**Exercise instructions:**
Somewhere below, one line contains "rewrite !mulmxA UUh" and a later line contains "have r_ge0 i : 0 <= r i.". Output those two lines and everything between them exactly, and nothing else.

**Records to process:**

"""

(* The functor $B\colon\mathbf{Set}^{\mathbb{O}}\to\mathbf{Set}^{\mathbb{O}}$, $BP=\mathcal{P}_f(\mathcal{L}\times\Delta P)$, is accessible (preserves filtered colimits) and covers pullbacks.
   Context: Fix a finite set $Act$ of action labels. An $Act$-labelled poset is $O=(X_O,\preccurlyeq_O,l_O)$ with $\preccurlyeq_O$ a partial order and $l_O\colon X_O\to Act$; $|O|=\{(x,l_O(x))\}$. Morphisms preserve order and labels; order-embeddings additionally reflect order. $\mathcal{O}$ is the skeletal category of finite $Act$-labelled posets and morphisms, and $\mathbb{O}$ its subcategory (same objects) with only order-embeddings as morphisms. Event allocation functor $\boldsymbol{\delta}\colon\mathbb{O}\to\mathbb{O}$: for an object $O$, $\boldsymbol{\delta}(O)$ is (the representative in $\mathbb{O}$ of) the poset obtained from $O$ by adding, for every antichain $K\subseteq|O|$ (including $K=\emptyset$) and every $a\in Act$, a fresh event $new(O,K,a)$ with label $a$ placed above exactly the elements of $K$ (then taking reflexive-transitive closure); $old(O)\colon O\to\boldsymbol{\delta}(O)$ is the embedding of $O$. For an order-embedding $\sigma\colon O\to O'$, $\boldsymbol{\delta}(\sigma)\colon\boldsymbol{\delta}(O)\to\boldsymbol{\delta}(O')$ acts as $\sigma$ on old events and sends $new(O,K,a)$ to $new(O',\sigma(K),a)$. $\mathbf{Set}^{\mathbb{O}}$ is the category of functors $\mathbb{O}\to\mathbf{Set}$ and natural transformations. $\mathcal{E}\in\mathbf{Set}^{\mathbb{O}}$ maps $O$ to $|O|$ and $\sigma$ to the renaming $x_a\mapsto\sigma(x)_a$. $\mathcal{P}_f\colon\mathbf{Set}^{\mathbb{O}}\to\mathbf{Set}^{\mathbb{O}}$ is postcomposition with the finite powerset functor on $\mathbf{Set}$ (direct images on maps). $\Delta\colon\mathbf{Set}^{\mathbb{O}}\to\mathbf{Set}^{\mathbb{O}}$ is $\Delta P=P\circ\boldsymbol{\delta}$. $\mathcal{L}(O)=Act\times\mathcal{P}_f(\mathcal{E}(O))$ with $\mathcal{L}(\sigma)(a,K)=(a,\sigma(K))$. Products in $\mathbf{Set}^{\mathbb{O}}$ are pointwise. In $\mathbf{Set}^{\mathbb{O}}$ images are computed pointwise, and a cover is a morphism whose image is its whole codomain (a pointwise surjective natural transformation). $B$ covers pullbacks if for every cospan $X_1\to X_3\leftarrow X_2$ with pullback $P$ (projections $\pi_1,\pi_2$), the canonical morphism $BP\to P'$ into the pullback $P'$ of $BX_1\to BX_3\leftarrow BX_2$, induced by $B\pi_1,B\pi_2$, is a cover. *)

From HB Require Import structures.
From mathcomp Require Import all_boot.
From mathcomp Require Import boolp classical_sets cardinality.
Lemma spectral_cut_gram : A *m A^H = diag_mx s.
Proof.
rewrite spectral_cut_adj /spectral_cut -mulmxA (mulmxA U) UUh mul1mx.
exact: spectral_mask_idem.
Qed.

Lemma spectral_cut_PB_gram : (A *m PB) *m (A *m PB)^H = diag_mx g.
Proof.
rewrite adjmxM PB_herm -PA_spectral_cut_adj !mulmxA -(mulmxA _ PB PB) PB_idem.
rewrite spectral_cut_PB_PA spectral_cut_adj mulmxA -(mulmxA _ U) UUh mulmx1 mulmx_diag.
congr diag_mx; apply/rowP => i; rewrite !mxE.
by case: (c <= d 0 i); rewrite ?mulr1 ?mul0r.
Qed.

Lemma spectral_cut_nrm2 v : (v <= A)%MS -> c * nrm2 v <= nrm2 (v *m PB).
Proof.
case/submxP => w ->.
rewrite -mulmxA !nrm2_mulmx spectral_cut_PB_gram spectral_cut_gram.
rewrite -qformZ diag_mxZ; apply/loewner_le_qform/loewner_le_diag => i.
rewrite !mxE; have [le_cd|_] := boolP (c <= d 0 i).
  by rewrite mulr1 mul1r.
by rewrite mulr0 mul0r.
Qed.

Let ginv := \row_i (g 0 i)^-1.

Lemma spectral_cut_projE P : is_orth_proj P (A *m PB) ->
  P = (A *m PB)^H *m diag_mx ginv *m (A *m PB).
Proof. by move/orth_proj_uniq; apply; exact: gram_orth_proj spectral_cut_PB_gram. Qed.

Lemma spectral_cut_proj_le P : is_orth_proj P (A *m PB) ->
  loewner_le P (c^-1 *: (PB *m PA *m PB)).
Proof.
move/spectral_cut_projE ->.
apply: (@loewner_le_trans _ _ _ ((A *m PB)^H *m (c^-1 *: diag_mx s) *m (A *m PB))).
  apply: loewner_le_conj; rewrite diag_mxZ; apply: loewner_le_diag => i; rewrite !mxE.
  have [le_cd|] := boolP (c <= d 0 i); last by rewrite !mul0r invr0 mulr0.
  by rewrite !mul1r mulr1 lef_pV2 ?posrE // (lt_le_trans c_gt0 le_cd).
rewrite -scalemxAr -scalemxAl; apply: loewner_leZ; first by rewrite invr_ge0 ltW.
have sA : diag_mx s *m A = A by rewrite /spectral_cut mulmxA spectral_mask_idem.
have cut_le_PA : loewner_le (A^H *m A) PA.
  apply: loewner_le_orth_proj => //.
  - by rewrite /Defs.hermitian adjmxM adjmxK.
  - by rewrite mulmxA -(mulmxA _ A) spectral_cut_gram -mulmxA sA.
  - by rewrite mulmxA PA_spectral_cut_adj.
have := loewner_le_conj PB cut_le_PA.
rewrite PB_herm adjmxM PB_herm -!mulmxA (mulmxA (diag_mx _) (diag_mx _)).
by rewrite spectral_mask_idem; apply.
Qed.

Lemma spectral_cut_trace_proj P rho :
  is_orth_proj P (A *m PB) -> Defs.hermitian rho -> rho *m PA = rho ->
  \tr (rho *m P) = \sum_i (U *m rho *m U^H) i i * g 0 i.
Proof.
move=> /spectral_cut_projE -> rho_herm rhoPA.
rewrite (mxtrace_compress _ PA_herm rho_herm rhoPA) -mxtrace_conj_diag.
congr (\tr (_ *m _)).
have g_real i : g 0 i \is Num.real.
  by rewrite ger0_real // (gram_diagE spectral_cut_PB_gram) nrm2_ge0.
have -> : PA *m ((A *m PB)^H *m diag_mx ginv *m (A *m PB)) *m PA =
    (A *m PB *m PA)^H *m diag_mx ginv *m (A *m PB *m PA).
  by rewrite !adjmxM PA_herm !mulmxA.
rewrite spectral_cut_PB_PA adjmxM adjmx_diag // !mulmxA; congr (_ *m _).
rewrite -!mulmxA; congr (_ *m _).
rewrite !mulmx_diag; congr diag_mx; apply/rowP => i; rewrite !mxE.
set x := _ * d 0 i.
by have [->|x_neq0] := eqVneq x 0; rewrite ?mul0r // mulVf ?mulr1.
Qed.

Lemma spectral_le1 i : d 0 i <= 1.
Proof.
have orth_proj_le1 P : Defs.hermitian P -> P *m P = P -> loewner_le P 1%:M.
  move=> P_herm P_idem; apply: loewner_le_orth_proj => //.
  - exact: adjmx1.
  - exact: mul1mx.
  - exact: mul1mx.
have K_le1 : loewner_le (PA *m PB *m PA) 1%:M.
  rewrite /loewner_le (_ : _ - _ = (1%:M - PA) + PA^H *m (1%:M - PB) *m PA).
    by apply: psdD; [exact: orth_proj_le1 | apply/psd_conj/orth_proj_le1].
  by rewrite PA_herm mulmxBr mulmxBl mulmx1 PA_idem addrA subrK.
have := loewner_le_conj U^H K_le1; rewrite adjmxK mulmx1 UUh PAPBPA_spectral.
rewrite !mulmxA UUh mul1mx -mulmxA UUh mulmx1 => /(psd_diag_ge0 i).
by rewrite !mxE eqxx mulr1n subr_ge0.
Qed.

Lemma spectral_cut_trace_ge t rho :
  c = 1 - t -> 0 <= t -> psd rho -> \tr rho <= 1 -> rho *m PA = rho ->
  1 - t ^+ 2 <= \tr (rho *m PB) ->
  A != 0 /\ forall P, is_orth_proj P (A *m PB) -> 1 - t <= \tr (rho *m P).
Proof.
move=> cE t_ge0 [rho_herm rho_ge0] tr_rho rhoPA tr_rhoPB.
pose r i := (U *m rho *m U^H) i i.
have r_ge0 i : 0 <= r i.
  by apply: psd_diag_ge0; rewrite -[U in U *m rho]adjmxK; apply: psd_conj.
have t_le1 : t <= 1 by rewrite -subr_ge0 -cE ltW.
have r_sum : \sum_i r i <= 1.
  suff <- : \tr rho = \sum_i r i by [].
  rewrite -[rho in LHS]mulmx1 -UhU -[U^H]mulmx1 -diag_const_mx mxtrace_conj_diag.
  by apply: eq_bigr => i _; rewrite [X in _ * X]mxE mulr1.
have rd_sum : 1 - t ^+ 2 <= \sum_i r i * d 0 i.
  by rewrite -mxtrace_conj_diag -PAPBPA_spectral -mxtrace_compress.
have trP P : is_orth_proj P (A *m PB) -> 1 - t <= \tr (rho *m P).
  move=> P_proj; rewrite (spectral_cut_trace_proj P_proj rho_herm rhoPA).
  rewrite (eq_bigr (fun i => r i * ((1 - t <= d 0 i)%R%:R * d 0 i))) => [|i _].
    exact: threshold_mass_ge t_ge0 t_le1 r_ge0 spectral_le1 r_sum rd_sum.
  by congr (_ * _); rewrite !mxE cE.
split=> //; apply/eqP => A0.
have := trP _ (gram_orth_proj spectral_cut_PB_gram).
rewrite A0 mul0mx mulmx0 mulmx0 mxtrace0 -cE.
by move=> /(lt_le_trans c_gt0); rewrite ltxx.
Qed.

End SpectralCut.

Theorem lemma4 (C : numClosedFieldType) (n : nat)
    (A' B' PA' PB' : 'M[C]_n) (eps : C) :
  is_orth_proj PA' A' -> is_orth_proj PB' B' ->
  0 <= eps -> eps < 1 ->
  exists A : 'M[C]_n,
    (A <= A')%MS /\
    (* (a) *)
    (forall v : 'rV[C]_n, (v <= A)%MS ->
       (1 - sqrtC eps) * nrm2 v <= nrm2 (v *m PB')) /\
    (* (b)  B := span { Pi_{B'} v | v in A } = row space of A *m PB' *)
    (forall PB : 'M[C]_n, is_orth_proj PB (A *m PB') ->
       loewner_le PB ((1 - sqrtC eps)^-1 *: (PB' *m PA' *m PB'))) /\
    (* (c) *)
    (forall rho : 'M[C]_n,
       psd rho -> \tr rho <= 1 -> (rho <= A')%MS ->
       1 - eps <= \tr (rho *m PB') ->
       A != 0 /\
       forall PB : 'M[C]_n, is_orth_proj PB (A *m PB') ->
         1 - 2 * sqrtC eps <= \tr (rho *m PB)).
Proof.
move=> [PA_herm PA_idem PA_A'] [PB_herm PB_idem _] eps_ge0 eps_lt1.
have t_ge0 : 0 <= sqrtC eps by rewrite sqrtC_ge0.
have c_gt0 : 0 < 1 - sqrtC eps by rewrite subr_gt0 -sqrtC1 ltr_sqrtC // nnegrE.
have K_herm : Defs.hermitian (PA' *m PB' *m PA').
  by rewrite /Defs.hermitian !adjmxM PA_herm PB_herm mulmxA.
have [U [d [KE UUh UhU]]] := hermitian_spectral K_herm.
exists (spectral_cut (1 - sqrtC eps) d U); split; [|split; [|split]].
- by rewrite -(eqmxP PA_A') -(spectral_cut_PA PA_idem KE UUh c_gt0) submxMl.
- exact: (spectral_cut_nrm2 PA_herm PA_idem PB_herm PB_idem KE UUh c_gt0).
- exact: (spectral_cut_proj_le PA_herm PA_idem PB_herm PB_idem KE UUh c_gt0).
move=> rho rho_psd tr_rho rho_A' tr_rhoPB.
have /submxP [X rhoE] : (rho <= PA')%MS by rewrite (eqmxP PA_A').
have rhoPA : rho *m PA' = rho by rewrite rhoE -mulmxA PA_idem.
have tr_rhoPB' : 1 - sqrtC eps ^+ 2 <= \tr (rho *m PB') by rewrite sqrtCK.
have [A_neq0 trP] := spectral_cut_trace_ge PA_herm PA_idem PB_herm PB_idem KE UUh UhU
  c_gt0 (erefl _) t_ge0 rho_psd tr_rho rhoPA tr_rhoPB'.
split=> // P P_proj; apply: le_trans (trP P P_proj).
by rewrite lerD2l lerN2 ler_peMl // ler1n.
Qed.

"""

**Answer to the exercise:**
rewrite !mulmxA UUh mul1mx -mulmxA UUh mulmx1 => /(psd_diag_ge0 i).
by rewrite !mxE eqxx mulr1n subr_ge0.
Qed.

Lemma spectral_cut_trace_ge t rho :
  c = 1 - t -> 0 <= t -> psd rho -> \tr rho <= 1 -> rho *m PA = rho ->
  1 - t ^+ 2 <= \tr (rho *m PB) ->
  A != 0 /\ forall P, is_orth_proj P (A *m PB) -> 1 - t <= \tr (rho *m P).
Proof.
move=> cE t_ge0 [rho_herm rho_ge0] tr_rho rhoPA tr_rhoPB.
pose r i := (U *m rho *m U^H) i i.
have r_ge0 i : 0 <= r i.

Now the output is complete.